Start of Block

(* Let $\mathcal{Q}$ be a parabolic subset of $\mathcal{R}$, $C$ a Weyl chamber with $\mathcal{R}^+(C)\subseteq\mathcal{Q}$, and $\mathrm{s}$ an involution of $\mathcal{R}$. Let $\Phi_C=\mathcal{B}(C)\cap\mathcal{Q}^n$, $\Phi_C^\vee=\mathcal{B}(C)\setminus\Phi_C$, $\Phi_C^{\mathrm{s},+}=\{\alpha\in\Phi_C\mid\mathrm{s}(\alpha)\in\mathcal{R}^+(C)\}$, $\Phi_C^{\mathrm{s},-}=\{\alpha\in\Phi_C\mid\mathrm{s}(\alpha)\in\mathcal{R}^-(C)\}$, and $$\Psi_C=\Big\{\alpha\in\Phi_C^{\mathrm{s},+}\ \Big|\ \mathrm{s}(\alpha)\in\mathcal{Q}^n,\ \alpha\notin\bigcup_{\beta\in\Phi_C^\vee\cup\Phi_C^{\mathrm{s},-}}\mathrm{supp}_C(\mathrm{s}(\beta))\Big\}.$$ Then $\mathcal{Q}_{\Psi_C}$ is the smallest parabolic (equivalently, closed) subset of $\mathcal{R}$ containing $\mathcal{Q}\cup\mathrm{s}(\mathcal{Q})$; in particular $(\mathcal{Q}_{\Psi_C},\mathrm{s})$ is totally real. Consequently $(\mathcal{Q},\mathrm{s})$ is fundamental if and only if $\Psi_C=\emptyset$.
   Context: $\mathcal{R}$ is a reduced root system in a Euclidean space $V$. Closed subset: $\alpha,\beta\in\mathcal{Q}$, $\alpha+\beta\in\mathcal{R}\Rightarrow\alpha+\beta\in\mathcal{Q}$; parabolic: closed with $\mathcal{Q}\cup(-\mathcal{Q})=\mathcal{R}$. $\mathcal{Q}^n=\{\alpha\in\mathcal{Q}\mid-\alpha\notin\mathcal{Q}\}$. For a Weyl chamber $C$: $\mathcal{R}^\pm(C)$ positive/negative roots, $\mathcal{B}(C)$ simple roots, $\mathrm{supp}_C(\alpha)$ the set of simple roots with nonzero coefficient in $\alpha$. For $\Phi\subseteq\mathcal{B}(C)$, $\mathcal{Q}_\Phi=\mathcal{R}^+(C)\cup\{\alpha\in\mathcal{R}^-(C)\mid\mathrm{supp}_C(\alpha)\cap\Phi=\emptyset\}$ (so $\mathcal{Q}_\emptyset=\mathcal{R}$). An involution of $\mathcal{R}$ is a linear isometric involution $\mathrm{s}$ of $V$ with $\mathrm{s}(\mathcal{R})=\mathcal{R}$. A pair $(\mathcal{Q}',\mathrm{s})$ is totally real if $\mathrm{s}(\mathcal{Q}')=\mathcal{Q}'$; $(\mathcal{Q},\mathrm{s})$ is fundamental if the smallest closed subset of $\mathcal{R}$ containing $\mathcal{Q}\cup\mathrm{s}(\mathcal{Q})$ is $\mathcal{R}$. *)

From HB Require Import structures.
From mathcomp Require Import all_boot all_order all_algebra.
From mathcomp Require Import boolp classical_sets cardinality fsbigop reals.
Set Implicit Arguments. Unset Strict Implicit. Unset Printing Implicit Defensive.
Import Order.TTheory GRing.Theory Num.Theory.
Local Open Scope ring_scope.
Local Open Scope classical_set_scope.

Section RootSystems.
Variables (R : realType) (n : nat).
Local Notation V := 'rV[R]_n.

Definition dot (u v : V) : R := \sum_(i < n) u 0 i * v 0 i.

Definition refl (a v : V) : V := v - ((2 * dot v a) / dot a a) *: a.
(* The estimator walks down the tree from the root.  Standing at depth j on
   node v, it moves to the left child 2v iff some descending path of length
   2(j+1) from 2v carries at least half ones over the n samples.  If the branch
   turns right at v, every node below 2v has mean 1/3; if it turns left, the
   branch itself continues below 2v with mean 2/3.  Either way a union bound
   over bit patterns (each of probability at most (2/9)^(n(j+1))) and over the
   4^(j+1) paths shows that the step errs with probability at most
   (4 (8/9)^n)^(j+1).  Off these events the estimator follows the branch and is
   exact, so the expected sup error is at most 8 (8/9)^n.  Each output
   coordinate reads finitely many input coordinates, hence measurability. *)

Section tree_walks.
Local Open Scope nat_scope.

Fixpoint descend (c : nat) (t : nat -> bool) (k : nat) : nat :=
  if k is k'.+1 then (descend c t k').*2 + t k' else c.

Lemma branch_nodeD b j k :
  branch_node b (j + k) = descend (branch_node b j) (fun i => b (j + i)) k.
Proof. by elim: k => [|k IH]; rewrite ?addn0 // addnS /= IH. Qed.

Lemma branch_node_descend b j : branch_node b j = descend 1 b j.
Proof. by rewrite -[j]add0n branch_nodeD. Qed.

Lemma descend_ge c t k : c * 2 ^ k <= descend c t k.
Proof. by elim: k => [|k IH] /=; rewrite ?muln1 // expnS; lia. Qed.

Lemma descend_lt c t k : descend c t k < c.+1 * 2 ^ k.
Proof. by elim: k => [|k IH] /=; rewrite ?muln1 // expnS; lia. Qed.

Lemma descend_gt0 c t k : 0 < c -> 0 < descend c t k.
Proof. by move=> c0; elim: k => //= k IH; lia. Qed.

Lemma descend_inj c t : 0 < c -> injective (descend c t).
Proof.
move=> c0; apply/incn_inj/leq_mono/(homo_ltn ltn_trans) => k /=.
by have := descend_gt0 t k c0; lia.
Qed.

End of Block

AIM OF THE EXERCISE
Please transcribe exactly the lines above from the line that has "turns right at" up to and including the line that has "4^(j+1) paths shows"; no other line belongs in the answer.

PROBLEM SOLUTION
   turns right at v, every node below 2v has mean 1/3; if it turns left, the
   branch itself continues below 2v with mean 2/3.  Either way a union bound
   over bit patterns (each of probability at most (2/9)^(n(j+1))) and over the
   4^(j+1) paths shows that the step errs with probability at most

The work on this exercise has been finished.